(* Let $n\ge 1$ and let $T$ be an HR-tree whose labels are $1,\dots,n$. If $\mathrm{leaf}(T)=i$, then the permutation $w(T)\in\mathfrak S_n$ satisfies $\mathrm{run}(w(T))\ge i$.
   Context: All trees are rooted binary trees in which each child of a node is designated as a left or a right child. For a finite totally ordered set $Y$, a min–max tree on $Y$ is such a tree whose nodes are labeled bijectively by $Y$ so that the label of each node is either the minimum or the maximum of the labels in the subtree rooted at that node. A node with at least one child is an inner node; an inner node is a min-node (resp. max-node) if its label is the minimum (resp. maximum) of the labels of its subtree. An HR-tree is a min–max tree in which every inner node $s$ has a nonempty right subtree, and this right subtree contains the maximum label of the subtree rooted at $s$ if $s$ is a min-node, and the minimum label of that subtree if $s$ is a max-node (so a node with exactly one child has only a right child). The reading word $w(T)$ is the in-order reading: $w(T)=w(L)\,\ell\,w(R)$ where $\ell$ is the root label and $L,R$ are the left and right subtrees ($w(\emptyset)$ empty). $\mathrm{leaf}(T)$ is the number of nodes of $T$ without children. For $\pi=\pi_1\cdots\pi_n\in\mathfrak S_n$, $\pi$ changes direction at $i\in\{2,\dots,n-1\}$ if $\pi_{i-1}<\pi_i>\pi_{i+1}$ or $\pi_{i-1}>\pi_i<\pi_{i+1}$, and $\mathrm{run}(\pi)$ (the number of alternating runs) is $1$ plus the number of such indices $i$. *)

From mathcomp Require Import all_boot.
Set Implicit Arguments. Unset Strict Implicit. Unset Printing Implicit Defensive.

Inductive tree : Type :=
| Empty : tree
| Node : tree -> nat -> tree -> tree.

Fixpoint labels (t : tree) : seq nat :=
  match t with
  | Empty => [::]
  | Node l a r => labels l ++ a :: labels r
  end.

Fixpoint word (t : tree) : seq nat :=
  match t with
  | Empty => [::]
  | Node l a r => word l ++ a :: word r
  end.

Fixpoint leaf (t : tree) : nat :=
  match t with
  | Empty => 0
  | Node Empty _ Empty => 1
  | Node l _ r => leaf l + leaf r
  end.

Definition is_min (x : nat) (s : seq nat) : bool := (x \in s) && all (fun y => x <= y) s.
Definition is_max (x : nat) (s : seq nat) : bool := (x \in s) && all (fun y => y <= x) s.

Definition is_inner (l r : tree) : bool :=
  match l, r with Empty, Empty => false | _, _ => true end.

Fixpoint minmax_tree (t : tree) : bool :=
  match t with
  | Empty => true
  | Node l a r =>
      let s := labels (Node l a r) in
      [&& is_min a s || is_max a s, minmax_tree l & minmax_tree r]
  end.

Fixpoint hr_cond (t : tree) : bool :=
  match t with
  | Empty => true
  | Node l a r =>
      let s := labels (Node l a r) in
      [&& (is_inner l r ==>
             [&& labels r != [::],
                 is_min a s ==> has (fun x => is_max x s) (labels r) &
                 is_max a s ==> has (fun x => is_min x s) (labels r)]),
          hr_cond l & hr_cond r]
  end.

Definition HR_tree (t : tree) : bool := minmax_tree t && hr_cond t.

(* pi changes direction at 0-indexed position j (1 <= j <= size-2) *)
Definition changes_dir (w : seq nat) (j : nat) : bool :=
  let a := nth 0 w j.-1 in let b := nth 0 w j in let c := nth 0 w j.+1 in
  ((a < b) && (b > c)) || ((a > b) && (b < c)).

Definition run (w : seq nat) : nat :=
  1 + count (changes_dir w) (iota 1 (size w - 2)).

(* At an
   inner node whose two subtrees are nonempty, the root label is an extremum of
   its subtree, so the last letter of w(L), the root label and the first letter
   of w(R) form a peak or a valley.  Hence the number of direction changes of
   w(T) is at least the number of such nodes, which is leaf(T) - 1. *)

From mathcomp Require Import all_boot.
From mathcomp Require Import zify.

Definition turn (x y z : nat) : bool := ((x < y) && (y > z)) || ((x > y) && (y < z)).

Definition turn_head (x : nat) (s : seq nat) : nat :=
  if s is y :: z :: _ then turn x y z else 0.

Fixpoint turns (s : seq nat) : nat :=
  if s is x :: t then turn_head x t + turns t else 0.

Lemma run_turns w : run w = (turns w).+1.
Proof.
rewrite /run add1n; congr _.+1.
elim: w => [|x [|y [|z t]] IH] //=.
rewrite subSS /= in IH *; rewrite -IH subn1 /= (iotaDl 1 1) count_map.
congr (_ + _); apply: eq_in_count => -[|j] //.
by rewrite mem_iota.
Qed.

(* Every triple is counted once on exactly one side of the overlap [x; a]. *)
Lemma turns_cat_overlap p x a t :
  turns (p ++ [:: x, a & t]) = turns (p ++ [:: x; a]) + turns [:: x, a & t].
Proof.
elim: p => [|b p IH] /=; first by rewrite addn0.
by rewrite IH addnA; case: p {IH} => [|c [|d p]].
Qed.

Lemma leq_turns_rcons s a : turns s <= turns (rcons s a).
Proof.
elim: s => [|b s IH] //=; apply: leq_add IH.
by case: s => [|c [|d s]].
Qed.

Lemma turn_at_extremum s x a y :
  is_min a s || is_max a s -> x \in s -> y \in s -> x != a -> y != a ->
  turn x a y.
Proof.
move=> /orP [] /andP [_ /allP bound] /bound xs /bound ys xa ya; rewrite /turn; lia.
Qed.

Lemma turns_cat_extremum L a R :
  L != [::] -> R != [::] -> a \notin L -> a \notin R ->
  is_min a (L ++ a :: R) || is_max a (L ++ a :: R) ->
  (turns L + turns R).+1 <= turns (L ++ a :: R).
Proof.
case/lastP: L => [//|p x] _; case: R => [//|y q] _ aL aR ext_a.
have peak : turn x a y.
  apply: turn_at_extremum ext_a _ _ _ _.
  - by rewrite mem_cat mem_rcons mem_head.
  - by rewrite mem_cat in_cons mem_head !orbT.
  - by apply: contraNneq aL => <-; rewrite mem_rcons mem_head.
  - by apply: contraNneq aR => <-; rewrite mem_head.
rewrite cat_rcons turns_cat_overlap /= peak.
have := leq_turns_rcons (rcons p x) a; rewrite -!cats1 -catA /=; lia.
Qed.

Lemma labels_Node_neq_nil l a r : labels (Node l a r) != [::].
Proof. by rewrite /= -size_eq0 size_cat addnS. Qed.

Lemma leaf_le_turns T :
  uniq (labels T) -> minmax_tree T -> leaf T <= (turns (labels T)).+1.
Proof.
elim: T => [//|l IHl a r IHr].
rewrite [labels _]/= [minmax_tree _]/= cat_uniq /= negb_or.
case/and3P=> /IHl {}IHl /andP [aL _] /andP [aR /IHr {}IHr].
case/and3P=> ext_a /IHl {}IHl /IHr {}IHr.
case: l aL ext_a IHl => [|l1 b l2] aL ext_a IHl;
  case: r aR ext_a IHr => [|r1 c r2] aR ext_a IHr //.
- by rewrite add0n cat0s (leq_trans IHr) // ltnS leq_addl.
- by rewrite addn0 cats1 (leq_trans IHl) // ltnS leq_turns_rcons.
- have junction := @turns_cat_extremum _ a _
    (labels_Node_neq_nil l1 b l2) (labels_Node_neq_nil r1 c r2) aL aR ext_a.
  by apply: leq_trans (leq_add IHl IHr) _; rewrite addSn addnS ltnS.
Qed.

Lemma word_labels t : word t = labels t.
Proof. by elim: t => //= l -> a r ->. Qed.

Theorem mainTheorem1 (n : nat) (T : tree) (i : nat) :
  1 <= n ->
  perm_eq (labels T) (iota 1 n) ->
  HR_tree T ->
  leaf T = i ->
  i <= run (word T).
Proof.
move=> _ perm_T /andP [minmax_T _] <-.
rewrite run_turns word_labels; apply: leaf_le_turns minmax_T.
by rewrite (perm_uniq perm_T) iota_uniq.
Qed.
= = =
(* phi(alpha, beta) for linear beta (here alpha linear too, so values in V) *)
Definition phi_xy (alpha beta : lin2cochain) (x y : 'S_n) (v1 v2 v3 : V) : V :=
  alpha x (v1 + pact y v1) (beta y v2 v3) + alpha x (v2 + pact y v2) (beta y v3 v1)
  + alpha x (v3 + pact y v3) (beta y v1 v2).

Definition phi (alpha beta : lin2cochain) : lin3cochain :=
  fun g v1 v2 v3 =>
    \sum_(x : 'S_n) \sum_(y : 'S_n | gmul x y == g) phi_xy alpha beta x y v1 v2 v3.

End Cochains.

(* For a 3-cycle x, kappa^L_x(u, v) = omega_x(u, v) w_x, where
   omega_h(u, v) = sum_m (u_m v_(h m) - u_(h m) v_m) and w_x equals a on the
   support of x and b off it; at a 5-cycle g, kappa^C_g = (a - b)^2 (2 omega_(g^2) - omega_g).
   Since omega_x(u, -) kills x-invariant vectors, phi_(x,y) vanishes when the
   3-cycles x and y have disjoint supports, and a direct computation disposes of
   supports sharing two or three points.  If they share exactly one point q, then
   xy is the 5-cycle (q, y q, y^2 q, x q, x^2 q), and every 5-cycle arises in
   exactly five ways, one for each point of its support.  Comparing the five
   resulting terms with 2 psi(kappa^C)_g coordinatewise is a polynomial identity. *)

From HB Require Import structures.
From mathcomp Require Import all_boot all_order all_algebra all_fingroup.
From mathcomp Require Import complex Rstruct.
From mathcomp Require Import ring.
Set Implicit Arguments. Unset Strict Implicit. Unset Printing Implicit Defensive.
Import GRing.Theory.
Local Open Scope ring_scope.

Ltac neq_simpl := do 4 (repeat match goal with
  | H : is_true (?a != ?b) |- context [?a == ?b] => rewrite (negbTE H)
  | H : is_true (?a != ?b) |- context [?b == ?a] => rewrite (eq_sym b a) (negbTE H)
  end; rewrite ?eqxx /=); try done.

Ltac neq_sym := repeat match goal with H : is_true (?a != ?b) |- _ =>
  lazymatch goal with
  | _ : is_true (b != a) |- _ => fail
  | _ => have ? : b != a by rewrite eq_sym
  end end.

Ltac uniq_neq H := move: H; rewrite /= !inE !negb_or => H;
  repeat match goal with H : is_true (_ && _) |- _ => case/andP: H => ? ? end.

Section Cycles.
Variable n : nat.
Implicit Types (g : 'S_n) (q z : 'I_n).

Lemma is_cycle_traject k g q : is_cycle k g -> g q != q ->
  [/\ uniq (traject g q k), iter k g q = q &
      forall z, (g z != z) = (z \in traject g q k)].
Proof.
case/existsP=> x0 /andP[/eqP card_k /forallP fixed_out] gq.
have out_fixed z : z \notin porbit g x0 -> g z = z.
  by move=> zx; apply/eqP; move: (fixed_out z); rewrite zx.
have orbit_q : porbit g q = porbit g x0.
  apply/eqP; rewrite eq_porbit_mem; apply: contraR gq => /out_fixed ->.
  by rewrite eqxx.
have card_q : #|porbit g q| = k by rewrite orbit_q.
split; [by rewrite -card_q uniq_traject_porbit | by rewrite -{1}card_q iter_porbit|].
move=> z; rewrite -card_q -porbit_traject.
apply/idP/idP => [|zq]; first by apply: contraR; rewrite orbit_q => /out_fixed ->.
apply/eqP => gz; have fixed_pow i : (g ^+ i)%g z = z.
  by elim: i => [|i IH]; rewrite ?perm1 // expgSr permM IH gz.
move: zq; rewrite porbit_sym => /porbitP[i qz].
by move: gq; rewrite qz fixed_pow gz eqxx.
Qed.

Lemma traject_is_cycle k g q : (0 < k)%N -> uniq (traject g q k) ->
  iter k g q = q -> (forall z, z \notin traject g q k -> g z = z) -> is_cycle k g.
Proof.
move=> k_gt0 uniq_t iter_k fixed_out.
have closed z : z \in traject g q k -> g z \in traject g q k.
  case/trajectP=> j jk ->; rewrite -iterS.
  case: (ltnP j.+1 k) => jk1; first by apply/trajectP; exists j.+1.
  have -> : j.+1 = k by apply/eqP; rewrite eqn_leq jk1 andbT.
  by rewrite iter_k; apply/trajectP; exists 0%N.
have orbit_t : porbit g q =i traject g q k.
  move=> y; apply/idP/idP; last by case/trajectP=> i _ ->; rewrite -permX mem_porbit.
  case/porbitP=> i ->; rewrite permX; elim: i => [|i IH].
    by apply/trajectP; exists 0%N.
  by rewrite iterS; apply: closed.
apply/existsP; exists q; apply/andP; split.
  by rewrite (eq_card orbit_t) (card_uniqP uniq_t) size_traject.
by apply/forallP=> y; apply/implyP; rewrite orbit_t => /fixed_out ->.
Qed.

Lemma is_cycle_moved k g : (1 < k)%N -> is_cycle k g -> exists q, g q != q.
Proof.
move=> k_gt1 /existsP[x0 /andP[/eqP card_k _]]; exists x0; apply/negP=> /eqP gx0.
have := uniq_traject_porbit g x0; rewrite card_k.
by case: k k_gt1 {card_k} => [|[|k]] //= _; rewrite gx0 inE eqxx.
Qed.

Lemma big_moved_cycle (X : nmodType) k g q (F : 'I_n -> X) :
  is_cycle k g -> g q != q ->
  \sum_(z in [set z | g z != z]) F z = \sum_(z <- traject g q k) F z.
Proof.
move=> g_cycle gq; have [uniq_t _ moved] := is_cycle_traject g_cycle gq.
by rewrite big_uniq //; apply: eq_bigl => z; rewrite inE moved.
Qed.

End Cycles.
= = =
### Work order:
Each line of the data that holds the word "forallP" should be copied.

### Reply:
case/existsP=> x0 /andP[/eqP card_k /forallP fixed_out] gq.
by apply/forallP=> y; apply/implyP; rewrite orbit_t => /fixed_out ->.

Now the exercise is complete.